For the metabolome and lipidome, we report the number of samples available for each participant and stage and the number of differential lipids and metabolites detected in Supplementary Table 4a at a nominal P value of 0.05. None of the metabolites intersected across participants and transitions at the individual level. We report the differential lipids and metabolites in Supplementary Table 4c,d.
We detected slightly more B–D differential lipids in the participant-specific analysis for F than across all participants (122 and 60, respectively). Of the 122 participant-specific lipids, 99 were downregulated and 23 were upregulated. The overlap when filtering by a P value of 0.05 and ensuring the coefficient was consistent by sign in both analyses was 20, 34 and 42 between the differential lipids from participant F in B–D and the differential lipids across all participants in M–B, M–D and B–D, respectively. The total number of differential lipids for these transitions was 402, 438 and 60, respectively, with a fairly low concordance of the participant-specific differential lipids and those inferred across all participants (Supplementary Table 4f).
We repeated this comparison in the metabolome (Supplementary Table 4g). For participant F in the M–D transition, the only significant metabolite was downregulated and replicated (P value ≤ 0.05 and consistent sign of coefficient) in the M–B and M–D transitions across all participants but not the B–D transition.
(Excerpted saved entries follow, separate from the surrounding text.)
(* If the interior of K meets L or L*, isotonicity of P_K with respect to L
   forces L = K: compare - w <=_L k for w, k in K, and P_K (- l) <=_L P_K 0
   for l in L.  So P_K is K-isotone.  With Moreau's decomposition
   x = P_K x - P_K (- x) into orthogonal parts, isotonicity shows that every
   nonzero element of K dominates an extreme vector, and that an extreme
   vector orthogonal to x is orthogonal to P_K x.  Hence extreme vectors can be
   chosen one at a time, each orthogonal to the previous ones; m of them,
   normalised, are the columns of an orthogonal A, and self-duality gives
   K = A R^m_+.  For K = R^m_+, P_K is the positive part; its L-isotonicity
   puts l^i e_i in L for every l in L, so the pointed generating cone L
   contains exactly one of e_i and - e_i for each i. *)

Ltac mx_ring := apply/matrixP => ? ?; rewrite !mxE; ring.

Section InnerProduct.
Context {R : realType} {m : nat}.
Local Notation V := 'cV[R]_m.
Implicit Types x y z : V.

Lemma dotvC x y : dotv x y = dotv y x.
Proof. by apply: eq_bigr => i _; rewrite mulrC. Qed.

Lemma dotvDl x y z : dotv (x + y) z = dotv x z + dotv y z.
Proof. by rewrite /dotv -big_split; apply: eq_bigr => i _; rewrite mxE mulrDl. Qed.

Lemma dotvDr x y z : dotv z (x + y) = dotv z x + dotv z y.
Proof. by rewrite dotvC dotvDl !(dotvC z). Qed.

Lemma dotvZl (a : R) x y : dotv (a *: x) y = a * dotv x y.
Proof. by rewrite /dotv mulr_sumr; apply: eq_bigr => i _; rewrite mxE mulrA. Qed.

Lemma dotvZr (a : R) x y : dotv y (a *: x) = a * dotv y x.
Proof. by rewrite dotvC dotvZl dotvC. Qed.

Lemma dotvNl x y : dotv (- x) y = - dotv x y.
Proof. by rewrite -scaleN1r dotvZl mulN1r. Qed.

Lemma dotvNr x y : dotv y (- x) = - dotv y x.
Proof. by rewrite -scaleN1r dotvZr mulN1r. Qed.

Lemma dotvBl x y z : dotv (x - y) z = dotv x z - dotv y z.
Proof. by rewrite dotvDl dotvNl. Qed.

Lemma dotvBr x y z : dotv z (x - y) = dotv z x - dotv z y.
Proof. by rewrite dotvDr dotvNr. Qed.

Lemma dotv0l x : dotv 0 x = 0.
Proof. by rewrite -(scale0r (0 : V)) dotvZl mul0r. Qed.

Lemma dotv0r x : dotv x 0 = 0.
Proof. by rewrite dotvC dotv0l. Qed.

Lemma dotvv_ge0 x : 0 <= dotv x x.
Proof. by apply: sumr_ge0 => i _; rewrite -expr2 sqr_ge0. Qed.

Lemma dotvv_eq0 {x} : dotv x x = 0 -> x = 0.
Proof.
move=> /eqP; rewrite psumr_eq0; last by move=> i _; rewrite -expr2 sqr_ge0.
move=> /allP x0; apply/matrixP => i j; rewrite (ord1 j) mxE.
by have := x0 i (mem_index_enum _); rewrite /= mulf_eq0 orbb => /eqP.
Qed.

Lemma dotvv_gt0 {x} : x <> 0 -> 0 < dotv x x.
Proof.
move=> x0; rewrite lt_neqAle dotvv_ge0 andbT eq_sym; apply/eqP => /dotvv_eq0.
exact: x0.
Qed.

Lemma dotv_delta x i : dotv (delta_mx i 0) x = x i 0.
Proof.
rewrite /dotv (bigD1 i) //= big1 ?addr0; first by rewrite mxE !eqxx mul1r.
by move=> j ji; rewrite mxE (negbTE ji) mul0r.
Qed.

Lemma dotv_mulmx (A : 'M[R]_m) x y : dotv x (A *m y) = dotv (A^T *m x) y.
Proof.
rewrite /dotv; under eq_bigr do rewrite mxE mulr_sumr.
rewrite exchange_big /=; apply: eq_bigr => j _; rewrite mxE mulr_suml.
by apply: eq_bigr => i _; rewrite !mxE; ring.
Qed.

Lemma trmx_mulmx_coord (A : 'M[R]_m) x j : (A^T *m x) j 0 = dotv (col j A) x.
Proof. by rewrite mxE; apply: eq_bigr => i _; rewrite !mxE. Qed.

End InnerProduct.

(* For a < 0 the quadratic is negative at t = - a / (b - a). *)
Lemma quadratic_ge0_coef {R : realFieldType} (a b : R) : 0 <= b ->
  (forall t, 0 < t -> t <= 1 -> 0 <= 2 * a * t + b * t ^+ 2) -> 0 <= a.
Proof.
move=> b0 q; rewrite leNgt; apply/negP => a0.
have ba : 0 < b - a by lra.
have t0 : 0 < - a / (b - a) by rewrite divr_gt0 // oppr_gt0.
have t1 : - a / (b - a) <= 1 by rewrite ler_pdivrMr // mul1r; lra.
have e : - a / (b - a) * (b - a) = - a by rewrite mulfVK // lt0r_neq0.
have := q _ t0 t1; move: e t0; move: (- a / (b - a)) => t; nra.
Qed.

Section MetricProjection.
Context {R : realType} {m : nat}.
Local Notation V := 'cV[R]_m.
Implicit Types (D : set V) (x z p : V).

Lemma is_proj_variational D x p z : is_proj D x p ->
  (forall t : R, 0 < t -> t <= 1 -> D (p + t *: (z - p))) ->
  0 <= dotv (p - x) (z - p).
Proof.
move=> [_ pmin] Dseg; apply: quadratic_ge0_coef (dotvv_ge0 (z - p)) _ => t t0 t1.
have := pmin _ (Dseg t t0 t1).
have -> : x - (p + t *: (z - p)) = (x - p) - t *: (z - p) by mx_ring.
rewrite -[p - x]opprB; move: (x - p) (z - p) => w u.
rewrite !(dotvBl, dotvBr, dotvZl, dotvZr, dotvNl) (dotvC u w); nra.
Qed.

Lemma coord_sqr_le_dotv x i : x i 0 ^+ 2 <= dotv x x.
Proof.
rewrite /dotv (bigD1 i) //= -expr2 lerDl.
by apply: sumr_ge0 => k _; rewrite -expr2 sqr_ge0.
Qed.

Lemma trmx_continuous a b : continuous (fun M : 'M[R]_(a, b) => M^T).
Proof.
move=> M A [P hP sPA]; exists (fun i j => P j i) => [i j|N HN].
  by have := hP j i; rewrite mxE.
by apply: sPA => i j; rewrite mxE; apply: HN.
Qed.

Lemma cV_compact {D} (B : R) :
  closed D -> (forall z, D z -> forall i, `|z i 0| <= B) -> compact D.
Proof.
move=> Dcl DB; pose D' := [set r : 'rV[R]_m | D r^T].
have -> : D = (fun r : 'rV[R]_m => r^T) @` D'.
  apply/seteqP; split => [z Dz|_ [r Dr <-] //].
  by exists z^T; rewrite /D' /= trmxK.
have D'b : [bounded r | r in D'].
  rewrite /bounded_near; near=> M => r Dr /=.
  have : `|r| <= `|B|.
    have -> : `|r| = mx_norm r by [].
    rewrite mx_normrE; apply: bigmax_le => // -[i j] _ /=.
    rewrite (ord1 i); have := DB _ Dr j; rewrite mxE => /le_trans; apply.
    exact: ler_norm.
  move=> /le_trans; apply; near: M; apply: nbhs_pinfty_ge; exact: num_real.
apply: continuous_compact; first exact/continuous_subspaceT/trmx_continuous.
apply: bounded_closed_compact D'b _.
by apply: preimage_closed => // r _; apply: trmx_continuous.
Unshelve. all: by end_near.
Qed.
For participant F in the B–D transition, we detected slightly more differential metabolites (157) than across all participants in the B–D transition (95); of the 157, 66 were downregulated, 91 were upregulated and 3, 29 and 39 were replicated across all participants in the M–B, M–D and B–D transitions, respectively. The numbers of differential metabolites across all participants for the M–B, M–D and B–D transitions were 158, 223 and 95, respectively, and this overlapped at a low rate with the differential metabolites inferred across participants. For participant G in the B–D transition, only one of the two upregulated metabolites was replicated in the M–D transition.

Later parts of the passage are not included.